(* Let $G$ be an abstract snake graph with $d\ge1$ tiles. Then $$\sum_P x(P)h(P)=x_{i_1}\cdots x_{i_d}\;\mathrm{UR}\!\left(\begin{pmatrix}\frac{x_w}{x_{i_d}}&x_z\mathsf y_{i_d}\\ -\frac{1}{x_z}&0\end{pmatrix}M_d\begin{pmatrix}0&x_a\\-\frac{1}{x_a}&\frac{x_b}{x_{i_1}}\end{pmatrix}\right),$$ where the sum is over all perfect matchings $P$ of $G$ and $\mathrm{UR}$ denotes the upper-right entry.
   Context: Abstract snake graph with $d\ge 1$ tiles: unit squares $G_1,\dots,G_d$ in the plane with $G_1=[0,1]^2$ and, for $1\le j\le d-1$, $G_{j+1}$ equal to the translate of $G_j$ either by $(0,1)$ (''$G_{j+1}$ north of $G_j$'') or by $(1,0)$ (''$G_{j+1}$ east of $G_j$''). The graph $G$ has as vertices the corners and as edges the sides of these squares (a shared side is one edge). Edges carry labels from some label set (labels need not be distinct): the south edge of $G_1$ is labeled $a$ and the west edge of $G_1$ is labeled $b$; for $1\le j\le d-1$, the edge shared by $G_j$ and $G_{j+1}$ is labeled $a_j$, and if $G_{j+1}$ is north of $G_j$ then the east edge of $G_j$ is labeled $i_{j+1}$ and the west edge of $G_{j+1}$ is labeled $i_j$, while if $G_{j+1}$ is east of $G_j$ then the north edge of $G_j$ is labeled $i_{j+1}$ and the south edge of $G_{j+1}$ is labeled $i_j$; finally, if $d$ is odd the north edge of $G_d$ is labeled $w$ and its east edge $z$, and if $d$ is even the east edge of $G_d$ is labeled $w$ and its north edge $z$. The tile $G_j$ itself carries the label $i_j$. To each label $\ell$ attach commuting indeterminates $x_\ell$ and (for the tile labels) $\mathsf y_\ell$. For a perfect matching $P$ of $G$, its weight is $x(P)=\prod_{e\in P}x_{\mathrm{label}(e)}$. Let $P_-$ (the minimal matching) be the unique perfect matching of $G$ consisting only of edges on the boundary of $G_1\cup\dots\cup G_d$ and containing the south edge of $G_1$. For every perfect matching $P$, the symmetric difference $P\ominus P_-$ is the set of boundary edges of a union of cycles enclosing a set of tiles $\{G_j: j\in J(P)\}$; the height monomial is $h(P)=\prod_{j\in J(P)}\mathsf y_{i_j}$. Matrix of $G$: for $1\le j\le d-1$, let $m_j=\begin{pmatrix}1&0\\ \frac{x_{a_j}}{x_{i_j}x_{i_{j+1}}}&\mathsf y_{i_j}\end{pmatrix}$ if either ($j$ is odd and $G_{j+1}$ is north of $G_j$) or ($j$ is even and $G_{j+1}$ is east of $G_j$), and $m_j=\begin{pmatrix}\frac{x_{i_{j+1}}}{x_{i_j}}&x_{a_j}\mathsf y_{i_j}\\0&\frac{x_{i_j}\mathsf y_{i_j}}{x_{i_{j+1}}}\end{pmatrix}$ otherwise. Set $M_d=m_{d-1}\cdots m_1$ for $d\ge2$ and $M_1$ the $2\times 2$ identity matrix. *)

From HB Require Import structures.
From mathcomp Require Import all_boot all_order all_algebra.
Set Implicit Arguments. Unset Strict Implicit. Unset Printing Implicit Defensive.
Import Order.TTheory GRing.Theory Num.Theory.

(* Tiles are 0-indexed: tile k (k < d) is G_{k+1} of the paper.
   dirs`_k = true  means G_{k+2} is north of G_{k+1};
   dirs`_k = false means G_{k+2} is east of G_{k+1}.
   li k = label i_{k+1}  (k < d),   lA k = label a_{k+1}  (k < d-1). *)
Record snake (L : Type) := Snake {
  dirs : seq bool;
  la : L; lb : L; lw : L; lz : L;
  li : nat -> L;
  lA : nat -> L }.

Section SnakeGraph.
Variables (L : Type) (G : snake L).

Definition ntiles : nat := (size (dirs G)).+1.

(* lower-left corner of tile k *)
Definition corner (k : nat) : nat * nat :=
  (count negb (take k (dirs G)), count id (take k (dirs G))).

(* an edge (x, y, true) is the horizontal segment (x,y)-(x+1,y);
   an edge (x, y, false) is the vertical segment (x,y)-(x,y+1). *)
Definition edge := (nat * nat * bool)%type.
Definition south (c : nat * nat) : edge := (c.1, c.2, true).
Definition north (c : nat * nat) : edge := (c.1, c.2.+1, true).
Definition west  (c : nat * nat) : edge := (c.1, c.2, false).
Definition east  (c : nat * nat) : edge := (c.1.+1, c.2, false).

Definition tile_sides (k : nat) : seq edge :=
  [:: south (corner k); west (corner k); north (corner k); east (corner k)].

(* labelled edges created by the passage from tile k to tile k+1 *)
Definition transition (k : nat) : seq (edge * L) :=
  let c := corner k in let c' := corner k.+1 in
  if nth false (dirs G) k then
    [:: (north c, lA G k); (east c, li G k.+1); (west c', li G k)]
  else
    [:: (east c, lA G k); (north c, li G k.+1); (south c', li G k)].

Definition final_edges : seq (edge * L) :=
  let c := corner (size (dirs G)) in
  if odd ntiles then [:: (north c, lw G); (east c, lz G)]
  else [:: (east c, lw G); (north c, lz G)].

(* the list of all edges of G, each with its label (each edge occurs once) *)
Definition ledges : seq (edge * L) :=
  [:: (south (corner 0), la G); (west (corner 0), lb G)]
  ++ flatten (map transition (iota 0 (size (dirs G)))) ++ final_edges.

Definition nE : nat := size ledges.

Definition edge_of (e : 'I_nE) : edge := (nth (south (0, 0), la G) ledges e).1.
Definition label_of (e : 'I_nE) : L := (nth (south (0, 0), la G) ledges e).2.

Definition endpoints (e : edge) : seq (nat * nat) :=
  let: (x, y, h) := e in [:: (x, y); if h then (x.+1, y) else (x, y.+1)].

# Work instruction:
Please give an exact copy of the entries above, from the line with "Definition transition (k" down to the line with "let c := corner (size (dirs G)) in", inclusive, and nothing else.

# Output of the task:
Definition transition (k : nat) : seq (edge * L) :=
  let c := corner k in let c' := corner k.+1 in
  if nth false (dirs G) k then
    [:: (north c, lA G k); (east c, li G k.+1); (west c', li G k)]
  else
    [:: (east c, lA G k); (north c, li G k.+1); (south c', li G k)].

Definition final_edges : seq (edge * L) :=
  let c := corner (size (dirs G)) in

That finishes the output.